#### [TASK REQUIREMENTS]
Reproduce the section of the listing that begins at the line containing "End Differentials." and finishes at the line containing "HB.instance Definition _ i". Include both end lines and nothing beyond them.

(Beginning of WORKING DATA)

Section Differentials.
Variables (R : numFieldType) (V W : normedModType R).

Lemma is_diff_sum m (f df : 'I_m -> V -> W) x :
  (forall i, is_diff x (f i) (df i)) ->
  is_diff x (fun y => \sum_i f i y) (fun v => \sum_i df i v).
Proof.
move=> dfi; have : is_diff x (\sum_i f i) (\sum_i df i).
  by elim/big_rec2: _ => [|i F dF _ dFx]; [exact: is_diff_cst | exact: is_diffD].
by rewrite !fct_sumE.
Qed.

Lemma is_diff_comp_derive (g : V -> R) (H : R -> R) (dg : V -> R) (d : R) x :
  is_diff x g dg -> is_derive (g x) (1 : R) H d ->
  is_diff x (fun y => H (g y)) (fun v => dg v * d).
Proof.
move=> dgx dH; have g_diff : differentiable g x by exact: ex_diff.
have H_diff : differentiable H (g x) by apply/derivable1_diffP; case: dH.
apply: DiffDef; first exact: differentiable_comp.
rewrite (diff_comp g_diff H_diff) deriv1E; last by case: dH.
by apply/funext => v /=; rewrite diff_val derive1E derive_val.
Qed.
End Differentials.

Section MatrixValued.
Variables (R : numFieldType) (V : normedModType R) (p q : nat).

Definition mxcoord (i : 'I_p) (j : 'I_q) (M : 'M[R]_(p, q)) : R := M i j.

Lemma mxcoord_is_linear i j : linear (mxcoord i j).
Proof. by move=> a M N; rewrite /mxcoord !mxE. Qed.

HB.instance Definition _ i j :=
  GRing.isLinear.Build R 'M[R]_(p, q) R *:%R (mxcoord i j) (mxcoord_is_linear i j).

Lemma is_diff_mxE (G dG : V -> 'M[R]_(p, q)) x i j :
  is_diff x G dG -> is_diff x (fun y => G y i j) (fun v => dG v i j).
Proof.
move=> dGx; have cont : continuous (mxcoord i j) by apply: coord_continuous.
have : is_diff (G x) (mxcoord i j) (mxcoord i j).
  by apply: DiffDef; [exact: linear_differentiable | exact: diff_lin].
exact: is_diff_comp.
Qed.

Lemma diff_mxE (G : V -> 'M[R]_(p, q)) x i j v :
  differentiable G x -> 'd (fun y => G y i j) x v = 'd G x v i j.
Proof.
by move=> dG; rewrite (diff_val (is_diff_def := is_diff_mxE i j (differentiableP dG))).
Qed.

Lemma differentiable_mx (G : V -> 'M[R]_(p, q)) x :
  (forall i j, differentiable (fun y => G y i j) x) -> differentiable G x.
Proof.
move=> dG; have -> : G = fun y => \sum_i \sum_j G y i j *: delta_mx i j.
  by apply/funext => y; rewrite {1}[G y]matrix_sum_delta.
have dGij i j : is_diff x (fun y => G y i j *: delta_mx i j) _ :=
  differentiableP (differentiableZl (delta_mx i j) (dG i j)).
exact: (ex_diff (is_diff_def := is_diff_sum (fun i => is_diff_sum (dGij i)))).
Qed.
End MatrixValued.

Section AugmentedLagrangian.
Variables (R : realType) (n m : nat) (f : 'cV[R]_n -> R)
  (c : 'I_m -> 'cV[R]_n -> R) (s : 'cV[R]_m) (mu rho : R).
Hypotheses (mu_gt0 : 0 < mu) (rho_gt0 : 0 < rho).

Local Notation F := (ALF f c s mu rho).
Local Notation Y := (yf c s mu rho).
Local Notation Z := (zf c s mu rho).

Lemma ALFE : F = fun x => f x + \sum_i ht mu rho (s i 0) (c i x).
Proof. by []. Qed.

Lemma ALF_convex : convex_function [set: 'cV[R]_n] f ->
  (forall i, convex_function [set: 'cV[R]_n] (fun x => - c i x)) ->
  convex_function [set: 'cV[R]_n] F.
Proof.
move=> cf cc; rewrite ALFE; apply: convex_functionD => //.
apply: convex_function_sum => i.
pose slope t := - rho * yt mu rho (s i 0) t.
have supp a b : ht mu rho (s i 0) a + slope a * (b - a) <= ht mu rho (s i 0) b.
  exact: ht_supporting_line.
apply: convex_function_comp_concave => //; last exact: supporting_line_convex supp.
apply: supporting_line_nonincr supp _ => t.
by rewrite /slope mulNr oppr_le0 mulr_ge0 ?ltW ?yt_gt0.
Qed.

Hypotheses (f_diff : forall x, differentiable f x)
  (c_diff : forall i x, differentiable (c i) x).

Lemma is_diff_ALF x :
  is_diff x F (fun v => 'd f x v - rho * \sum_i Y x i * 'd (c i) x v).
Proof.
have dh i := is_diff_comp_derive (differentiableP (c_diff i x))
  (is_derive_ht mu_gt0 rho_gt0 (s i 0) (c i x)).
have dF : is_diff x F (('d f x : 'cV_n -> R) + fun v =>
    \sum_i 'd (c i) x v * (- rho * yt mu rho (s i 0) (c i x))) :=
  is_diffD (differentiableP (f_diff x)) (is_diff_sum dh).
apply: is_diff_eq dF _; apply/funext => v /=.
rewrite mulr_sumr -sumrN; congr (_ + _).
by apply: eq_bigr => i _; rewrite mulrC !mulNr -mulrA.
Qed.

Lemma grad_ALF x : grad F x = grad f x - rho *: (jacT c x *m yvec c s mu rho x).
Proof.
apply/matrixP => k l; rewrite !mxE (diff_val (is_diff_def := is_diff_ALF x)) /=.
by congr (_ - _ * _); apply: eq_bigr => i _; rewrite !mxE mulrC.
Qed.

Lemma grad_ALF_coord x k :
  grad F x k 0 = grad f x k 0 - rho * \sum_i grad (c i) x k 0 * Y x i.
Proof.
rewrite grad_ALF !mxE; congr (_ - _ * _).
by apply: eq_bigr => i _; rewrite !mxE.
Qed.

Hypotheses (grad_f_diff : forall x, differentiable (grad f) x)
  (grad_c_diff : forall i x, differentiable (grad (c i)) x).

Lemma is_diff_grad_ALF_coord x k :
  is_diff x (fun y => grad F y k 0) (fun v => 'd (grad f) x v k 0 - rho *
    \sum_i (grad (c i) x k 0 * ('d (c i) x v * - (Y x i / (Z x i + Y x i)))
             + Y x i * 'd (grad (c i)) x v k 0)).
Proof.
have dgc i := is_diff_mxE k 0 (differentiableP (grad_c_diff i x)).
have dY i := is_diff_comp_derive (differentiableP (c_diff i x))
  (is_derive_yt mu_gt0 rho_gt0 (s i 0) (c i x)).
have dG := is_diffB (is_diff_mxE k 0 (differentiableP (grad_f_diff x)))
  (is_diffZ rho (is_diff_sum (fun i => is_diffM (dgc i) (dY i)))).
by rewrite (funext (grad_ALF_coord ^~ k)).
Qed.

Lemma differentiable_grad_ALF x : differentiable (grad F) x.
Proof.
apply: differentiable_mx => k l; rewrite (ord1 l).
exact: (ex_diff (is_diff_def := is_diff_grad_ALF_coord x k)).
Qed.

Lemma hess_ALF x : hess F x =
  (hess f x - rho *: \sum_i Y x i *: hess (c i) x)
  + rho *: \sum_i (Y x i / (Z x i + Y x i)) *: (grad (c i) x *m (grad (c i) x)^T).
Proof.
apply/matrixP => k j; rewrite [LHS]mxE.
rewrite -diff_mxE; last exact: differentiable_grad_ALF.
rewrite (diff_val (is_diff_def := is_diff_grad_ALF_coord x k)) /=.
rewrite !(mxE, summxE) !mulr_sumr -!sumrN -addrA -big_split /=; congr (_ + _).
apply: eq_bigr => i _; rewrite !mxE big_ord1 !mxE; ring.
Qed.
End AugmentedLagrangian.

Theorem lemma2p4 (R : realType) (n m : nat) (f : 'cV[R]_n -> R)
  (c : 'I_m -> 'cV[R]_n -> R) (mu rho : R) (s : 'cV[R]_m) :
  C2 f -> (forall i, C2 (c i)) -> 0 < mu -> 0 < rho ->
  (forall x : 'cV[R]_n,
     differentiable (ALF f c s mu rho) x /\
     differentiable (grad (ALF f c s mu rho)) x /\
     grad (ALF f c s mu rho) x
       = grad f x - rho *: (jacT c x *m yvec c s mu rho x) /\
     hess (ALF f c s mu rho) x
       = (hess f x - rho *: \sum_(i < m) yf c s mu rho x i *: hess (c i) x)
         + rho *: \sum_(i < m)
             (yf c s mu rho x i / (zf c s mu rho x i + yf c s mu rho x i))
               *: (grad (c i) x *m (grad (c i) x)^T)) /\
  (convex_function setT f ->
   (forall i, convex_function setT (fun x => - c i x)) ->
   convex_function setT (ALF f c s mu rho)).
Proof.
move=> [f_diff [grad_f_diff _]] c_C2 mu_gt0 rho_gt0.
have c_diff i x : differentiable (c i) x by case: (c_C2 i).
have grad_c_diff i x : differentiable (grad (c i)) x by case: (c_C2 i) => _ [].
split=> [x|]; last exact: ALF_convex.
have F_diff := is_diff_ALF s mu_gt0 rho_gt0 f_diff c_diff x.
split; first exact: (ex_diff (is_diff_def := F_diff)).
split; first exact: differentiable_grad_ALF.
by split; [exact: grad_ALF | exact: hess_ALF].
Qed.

(End of WORKING DATA)
(Beginning of WORKING DATA)

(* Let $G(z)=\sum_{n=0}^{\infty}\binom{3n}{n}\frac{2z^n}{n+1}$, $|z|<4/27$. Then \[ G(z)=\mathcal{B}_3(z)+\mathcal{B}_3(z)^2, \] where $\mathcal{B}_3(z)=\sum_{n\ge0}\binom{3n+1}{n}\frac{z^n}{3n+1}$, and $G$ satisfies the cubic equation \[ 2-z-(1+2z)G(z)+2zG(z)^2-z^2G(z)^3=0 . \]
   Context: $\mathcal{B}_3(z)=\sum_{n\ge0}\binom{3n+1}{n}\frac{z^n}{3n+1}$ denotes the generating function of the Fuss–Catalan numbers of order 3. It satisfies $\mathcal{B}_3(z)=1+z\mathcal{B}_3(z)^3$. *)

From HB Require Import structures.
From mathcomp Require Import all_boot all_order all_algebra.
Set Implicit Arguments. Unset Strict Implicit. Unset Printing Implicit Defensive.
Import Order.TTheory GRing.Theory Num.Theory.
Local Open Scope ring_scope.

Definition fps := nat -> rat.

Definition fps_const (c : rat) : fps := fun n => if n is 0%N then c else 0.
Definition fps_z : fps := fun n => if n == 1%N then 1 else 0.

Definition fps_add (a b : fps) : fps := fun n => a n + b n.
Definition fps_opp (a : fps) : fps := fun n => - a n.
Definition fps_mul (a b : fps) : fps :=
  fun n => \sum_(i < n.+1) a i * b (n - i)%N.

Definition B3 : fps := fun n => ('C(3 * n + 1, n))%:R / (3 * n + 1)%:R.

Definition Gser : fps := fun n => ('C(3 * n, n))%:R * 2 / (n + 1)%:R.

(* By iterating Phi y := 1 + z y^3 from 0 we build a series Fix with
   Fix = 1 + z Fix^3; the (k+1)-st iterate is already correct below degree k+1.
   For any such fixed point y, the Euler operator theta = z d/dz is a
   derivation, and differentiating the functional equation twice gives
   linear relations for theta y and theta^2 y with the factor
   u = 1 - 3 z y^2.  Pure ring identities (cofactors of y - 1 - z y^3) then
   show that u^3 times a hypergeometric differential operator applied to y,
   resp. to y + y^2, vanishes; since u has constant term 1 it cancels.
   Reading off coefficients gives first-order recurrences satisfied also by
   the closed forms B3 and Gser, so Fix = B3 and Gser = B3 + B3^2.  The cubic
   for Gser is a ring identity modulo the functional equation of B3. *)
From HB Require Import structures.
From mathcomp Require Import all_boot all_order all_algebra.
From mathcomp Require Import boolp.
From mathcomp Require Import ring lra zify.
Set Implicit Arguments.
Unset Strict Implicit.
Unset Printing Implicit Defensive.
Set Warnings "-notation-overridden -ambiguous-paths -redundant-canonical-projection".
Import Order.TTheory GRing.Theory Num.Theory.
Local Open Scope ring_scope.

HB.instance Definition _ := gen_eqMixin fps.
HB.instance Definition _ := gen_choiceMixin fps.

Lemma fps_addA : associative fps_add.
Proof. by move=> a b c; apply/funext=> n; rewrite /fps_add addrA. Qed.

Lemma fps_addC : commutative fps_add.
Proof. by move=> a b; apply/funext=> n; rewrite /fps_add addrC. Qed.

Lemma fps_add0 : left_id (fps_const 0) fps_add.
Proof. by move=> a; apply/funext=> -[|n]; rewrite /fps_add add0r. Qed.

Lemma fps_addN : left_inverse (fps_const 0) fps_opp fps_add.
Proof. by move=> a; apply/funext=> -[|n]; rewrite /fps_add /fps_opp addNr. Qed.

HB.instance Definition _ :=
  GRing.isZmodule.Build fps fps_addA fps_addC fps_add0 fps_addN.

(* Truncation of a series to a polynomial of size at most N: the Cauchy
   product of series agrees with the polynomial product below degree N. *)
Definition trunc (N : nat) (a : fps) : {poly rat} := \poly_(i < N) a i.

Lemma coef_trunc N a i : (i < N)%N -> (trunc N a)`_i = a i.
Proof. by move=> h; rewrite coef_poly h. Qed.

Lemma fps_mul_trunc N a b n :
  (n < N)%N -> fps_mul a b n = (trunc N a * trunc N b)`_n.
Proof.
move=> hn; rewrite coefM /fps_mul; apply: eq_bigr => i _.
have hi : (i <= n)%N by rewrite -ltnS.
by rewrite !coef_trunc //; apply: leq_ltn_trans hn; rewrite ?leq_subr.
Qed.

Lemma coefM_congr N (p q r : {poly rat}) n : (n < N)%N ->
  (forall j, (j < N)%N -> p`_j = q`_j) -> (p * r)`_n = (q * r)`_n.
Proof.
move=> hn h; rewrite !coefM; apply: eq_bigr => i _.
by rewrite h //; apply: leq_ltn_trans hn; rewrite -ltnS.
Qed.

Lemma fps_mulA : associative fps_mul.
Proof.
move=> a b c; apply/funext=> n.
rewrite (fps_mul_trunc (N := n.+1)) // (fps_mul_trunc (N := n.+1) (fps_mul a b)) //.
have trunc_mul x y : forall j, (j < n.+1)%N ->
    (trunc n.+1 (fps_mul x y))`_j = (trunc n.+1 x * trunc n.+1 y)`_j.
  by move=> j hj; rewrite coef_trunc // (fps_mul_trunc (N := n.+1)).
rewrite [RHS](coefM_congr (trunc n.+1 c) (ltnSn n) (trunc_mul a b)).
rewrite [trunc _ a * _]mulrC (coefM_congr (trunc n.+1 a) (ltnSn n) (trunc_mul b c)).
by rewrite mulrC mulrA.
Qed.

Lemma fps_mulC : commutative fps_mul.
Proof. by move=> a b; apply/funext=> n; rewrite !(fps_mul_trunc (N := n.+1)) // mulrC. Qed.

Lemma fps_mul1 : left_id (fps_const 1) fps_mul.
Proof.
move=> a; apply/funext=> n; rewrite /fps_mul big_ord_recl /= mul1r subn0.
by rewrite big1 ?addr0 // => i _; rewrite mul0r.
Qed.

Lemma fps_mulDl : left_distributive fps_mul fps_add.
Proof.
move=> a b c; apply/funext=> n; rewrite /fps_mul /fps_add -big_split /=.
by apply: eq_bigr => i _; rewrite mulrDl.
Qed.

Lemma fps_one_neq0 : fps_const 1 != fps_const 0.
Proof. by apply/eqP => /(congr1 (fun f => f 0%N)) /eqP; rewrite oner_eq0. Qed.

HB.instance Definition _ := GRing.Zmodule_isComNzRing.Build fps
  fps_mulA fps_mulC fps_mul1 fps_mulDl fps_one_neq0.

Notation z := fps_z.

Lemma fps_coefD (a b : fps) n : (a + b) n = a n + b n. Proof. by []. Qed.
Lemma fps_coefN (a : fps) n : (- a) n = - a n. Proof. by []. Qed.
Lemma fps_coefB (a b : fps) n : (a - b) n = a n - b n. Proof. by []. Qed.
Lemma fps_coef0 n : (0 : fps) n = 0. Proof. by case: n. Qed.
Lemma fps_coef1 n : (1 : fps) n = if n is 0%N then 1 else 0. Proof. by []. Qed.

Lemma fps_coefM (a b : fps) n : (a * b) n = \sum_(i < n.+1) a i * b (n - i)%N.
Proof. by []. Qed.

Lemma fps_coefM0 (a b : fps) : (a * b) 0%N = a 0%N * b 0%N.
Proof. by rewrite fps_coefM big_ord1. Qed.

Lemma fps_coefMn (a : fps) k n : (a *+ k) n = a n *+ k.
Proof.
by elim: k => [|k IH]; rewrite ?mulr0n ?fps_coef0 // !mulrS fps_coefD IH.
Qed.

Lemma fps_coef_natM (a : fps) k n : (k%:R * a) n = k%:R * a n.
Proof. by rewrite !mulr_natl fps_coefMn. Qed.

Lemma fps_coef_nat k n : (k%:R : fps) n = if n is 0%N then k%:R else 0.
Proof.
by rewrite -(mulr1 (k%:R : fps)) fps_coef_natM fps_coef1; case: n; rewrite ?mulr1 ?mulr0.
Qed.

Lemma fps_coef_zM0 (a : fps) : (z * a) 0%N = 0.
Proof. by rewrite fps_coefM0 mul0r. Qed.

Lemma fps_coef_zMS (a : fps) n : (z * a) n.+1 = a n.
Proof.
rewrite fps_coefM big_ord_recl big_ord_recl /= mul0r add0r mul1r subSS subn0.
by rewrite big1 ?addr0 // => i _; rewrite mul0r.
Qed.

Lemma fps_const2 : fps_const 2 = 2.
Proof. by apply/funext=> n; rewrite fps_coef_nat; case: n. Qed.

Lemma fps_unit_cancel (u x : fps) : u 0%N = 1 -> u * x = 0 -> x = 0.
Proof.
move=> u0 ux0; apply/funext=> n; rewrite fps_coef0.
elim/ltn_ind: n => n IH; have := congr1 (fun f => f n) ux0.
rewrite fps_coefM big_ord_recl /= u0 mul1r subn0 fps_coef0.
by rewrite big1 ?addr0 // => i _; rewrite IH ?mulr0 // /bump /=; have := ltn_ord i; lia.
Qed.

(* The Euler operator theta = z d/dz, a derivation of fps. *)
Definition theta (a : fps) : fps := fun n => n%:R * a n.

(End of WORKING DATA)

#### [WRITTEN REPLY]
End Differentials.

Section MatrixValued.
Variables (R : numFieldType) (V : normedModType R) (p q : nat).

Definition mxcoord (i : 'I_p) (j : 'I_q) (M : 'M[R]_(p, q)) : R := M i j.

Lemma mxcoord_is_linear i j : linear (mxcoord i j).
Proof. by move=> a M N; rewrite /mxcoord !mxE. Qed.

HB.instance Definition _ i j :=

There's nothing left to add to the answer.